(* M = N^*, E = F^* *)
Definition formN := additive_on (@addr_rV r) full.
Definition formF := additive_on (@addr_rV n) full.

(* K = E / P^*(M) *)
Definition Kgrp : sgroup :=
  @SGroup ('rV[int]_n -> int) formF
    (fun e1 e2 => exists2 m, formN m & forall y, e1 y - e2 y = m (Pmap y))
    (fun e1 e2 y => e1 y + e2 y) (fun _ => 0).

(* bold K = (+)_sigma K_sigma, K_sigma = E_sigma / P_sigma^*(M_sigma) *)
Definition bKgrp : sgroup :=
  @SGroup ({set 'I_n} -> 'rV[int]_n -> int)
    (fun e => forall S, S \in Sigma_max -> additive_on (@addr_rV n) (Fsig S) (e S))
    (fun e1 e2 => forall S, S \in Sigma_max ->
       exists2 m, additive_on (@addr_rV r) (Nsig S) m &
         forall y, Fsig S y -> e1 S y - e2 S y = m (Pmap y))
    (fun e1 e2 S y => e1 S y + e2 S y) (fun _ _ => 0).

(* pi : K -> bold K, restriction along the beta_sigma *)
Definition pi_map (e : 'rV[int]_n -> int) : {set 'I_n} -> 'rV[int]_n -> int :=
  fun _ => e.

Definition Picgrp : sgroup :=
  @SGroup ('rV[int]_n -> int)
    (fun e => sg_in Kgrp e /\ sg_eq bKgrp (pi_map e) (sg_zero bKgrp))
    (sg_eq Kgrp) (sg_add Kgrp) (sg_zero Kgrp).

(* hat M = bold M / alpha^*(M) *)
Definition Mhat : sgroup :=
  @SGroup ({set 'I_n} -> 'rV[int]_r -> int)
    (fun x => forall S, S \in Sigma_max -> additive_on (@addr_rV r) (Nsig S) (x S))
    (fun x1 x2 => exists2 m, formN m &
       forall S, S \in Sigma_max -> forall u, Nsig S u -> x1 S u - x2 S u = m u)
    (fun x1 x2 S u => x1 S u + x2 S u) (fun _ _ => 0).

(* hat E = bold E / beta^*(E) *)
Definition Ehat : sgroup :=
  @SGroup ({set 'I_n} -> 'rV[int]_n -> int)
    (fun e => forall S, S \in Sigma_max -> additive_on (@addr_rV n) (Fsig S) (e S))
    (fun e1 e2 => exists2 e, formF e &
       forall S, S \in Sigma_max -> forall y, Fsig S y -> e1 S y - e2 S y = e y)
    (fun e1 e2 S y => e1 S y + e2 S y) (fun _ _ => 0).

(* hat K = bold K / pi(K) *)
Definition Khat : sgroup :=
  @SGroup ({set 'I_n} -> 'rV[int]_n -> int)
    (fun e => forall S, S \in Sigma_max -> additive_on (@addr_rV n) (Fsig S) (e S))
    (fun e1 e2 => exists2 e, formF e &
       forall S, S \in Sigma_max ->
         exists2 m, additive_on (@addr_rV r) (Nsig S) m &
           forall y, Fsig S y -> e1 S y - e2 S y - e y = m (Pmap y))
    (fun e1 e2 S y => e1 S y + e2 S y) (fun _ _ => 0).

Definition Phat' (x : {set 'I_n} -> 'rV[int]_r -> int) :
    {set 'I_n} -> 'rV[int]_n -> int :=
  fun S y => x S (Pmap y).

Definition bN (x : {set 'I_n} -> 'rV[int]_r) : Prop :=
  forall S, (S \in Sigma_max -> Nsig S (x S)) /\ (S \notin Sigma_max -> x S = 0).
Definition bF (y : {set 'I_n} -> 'rV[int]_n) : Prop :=
  forall S, (S \in Sigma_max -> Fsig S (y S)) /\ (S \notin Sigma_max -> y S = 0).
Definition alpha (x : {set 'I_n} -> 'rV[int]_r) : 'rV[int]_r :=
  \sum_(S in Sigma_max) x S.
Definition beta (y : {set 'I_n} -> 'rV[int]_n) : 'rV[int]_n :=
  \sum_(S in Sigma_max) y S.

Definition alpha_surjective : Prop :=
  forall z : 'rV[int]_r, exists2 x, bN x & alpha x = z.
Definition beta_surjective : Prop :=
  forall z : 'rV[int]_n, exists2 y, bF y & beta y = z.

(* hat N = ker alpha, hat F = ker beta (gamma, delta the inclusions) *)
Definition Nhat (x : {set 'I_n} -> 'rV[int]_r) : Prop := bN x /\ alpha x = 0.
Definition Fhat (y : {set 'I_n} -> 'rV[int]_n) : Prop := bF y /\ beta y = 0.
- - -
§ **About this exercise**
Output the records once more, exactly as they stand.

§ **Reply**
(* M = N^*, E = F^* *)
Definition formN := additive_on (@addr_rV r) full.
Definition formF := additive_on (@addr_rV n) full.

(* K = E / P^*(M) *)
Definition Kgrp : sgroup :=
  @SGroup ('rV[int]_n -> int) formF
    (fun e1 e2 => exists2 m, formN m & forall y, e1 y - e2 y = m (Pmap y))
    (fun e1 e2 y => e1 y + e2 y) (fun _ => 0).

(* bold K = (+)_sigma K_sigma, K_sigma = E_sigma / P_sigma^*(M_sigma) *)
Definition bKgrp : sgroup :=
  @SGroup ({set 'I_n} -> 'rV[int]_n -> int)
    (fun e => forall S, S \in Sigma_max -> additive_on (@addr_rV n) (Fsig S) (e S))
    (fun e1 e2 => forall S, S \in Sigma_max ->
       exists2 m, additive_on (@addr_rV r) (Nsig S) m &
         forall y, Fsig S y -> e1 S y - e2 S y = m (Pmap y))
    (fun e1 e2 S y => e1 S y + e2 S y) (fun _ _ => 0).

(* pi : K -> bold K, restriction along the beta_sigma *)
Definition pi_map (e : 'rV[int]_n -> int) : {set 'I_n} -> 'rV[int]_n -> int :=
  fun _ => e.

Definition Picgrp : sgroup :=
  @SGroup ('rV[int]_n -> int)
    (fun e => sg_in Kgrp e /\ sg_eq bKgrp (pi_map e) (sg_zero bKgrp))
    (sg_eq Kgrp) (sg_add Kgrp) (sg_zero Kgrp).

(* hat M = bold M / alpha^*(M) *)
Definition Mhat : sgroup :=
  @SGroup ({set 'I_n} -> 'rV[int]_r -> int)
    (fun x => forall S, S \in Sigma_max -> additive_on (@addr_rV r) (Nsig S) (x S))
    (fun x1 x2 => exists2 m, formN m &
       forall S, S \in Sigma_max -> forall u, Nsig S u -> x1 S u - x2 S u = m u)
    (fun x1 x2 S u => x1 S u + x2 S u) (fun _ _ => 0).

(* hat E = bold E / beta^*(E) *)
Definition Ehat : sgroup :=
  @SGroup ({set 'I_n} -> 'rV[int]_n -> int)
    (fun e => forall S, S \in Sigma_max -> additive_on (@addr_rV n) (Fsig S) (e S))
    (fun e1 e2 => exists2 e, formF e &
       forall S, S \in Sigma_max -> forall y, Fsig S y -> e1 S y - e2 S y = e y)
    (fun e1 e2 S y => e1 S y + e2 S y) (fun _ _ => 0).

(* hat K = bold K / pi(K) *)
Definition Khat : sgroup :=
  @SGroup ({set 'I_n} -> 'rV[int]_n -> int)
    (fun e => forall S, S \in Sigma_max -> additive_on (@addr_rV n) (Fsig S) (e S))
    (fun e1 e2 => exists2 e, formF e &
       forall S, S \in Sigma_max ->
         exists2 m, additive_on (@addr_rV r) (Nsig S) m &
           forall y, Fsig S y -> e1 S y - e2 S y - e y = m (Pmap y))
    (fun e1 e2 S y => e1 S y + e2 S y) (fun _ _ => 0).

Definition Phat' (x : {set 'I_n} -> 'rV[int]_r -> int) :
    {set 'I_n} -> 'rV[int]_n -> int :=
  fun S y => x S (Pmap y).

Definition bN (x : {set 'I_n} -> 'rV[int]_r) : Prop :=
  forall S, (S \in Sigma_max -> Nsig S (x S)) /\ (S \notin Sigma_max -> x S = 0).
Definition bF (y : {set 'I_n} -> 'rV[int]_n) : Prop :=
  forall S, (S \in Sigma_max -> Fsig S (y S)) /\ (S \notin Sigma_max -> y S = 0).
Definition alpha (x : {set 'I_n} -> 'rV[int]_r) : 'rV[int]_r :=
  \sum_(S in Sigma_max) x S.
Definition beta (y : {set 'I_n} -> 'rV[int]_n) : 'rV[int]_n :=
  \sum_(S in Sigma_max) y S.

Definition alpha_surjective : Prop :=
  forall z : 'rV[int]_r, exists2 x, bN x & alpha x = z.
Definition beta_surjective : Prop :=
  forall z : 'rV[int]_n, exists2 y, bF y & beta y = z.

(* hat N = ker alpha, hat F = ker beta (gamma, delta the inclusions) *)
Definition Nhat (x : {set 'I_n} -> 'rV[int]_r) : Prop := bN x /\ alpha x = 0.
Definition Fhat (y : {set 'I_n} -> 'rV[int]_n) : Prop := bF y /\ beta y = 0.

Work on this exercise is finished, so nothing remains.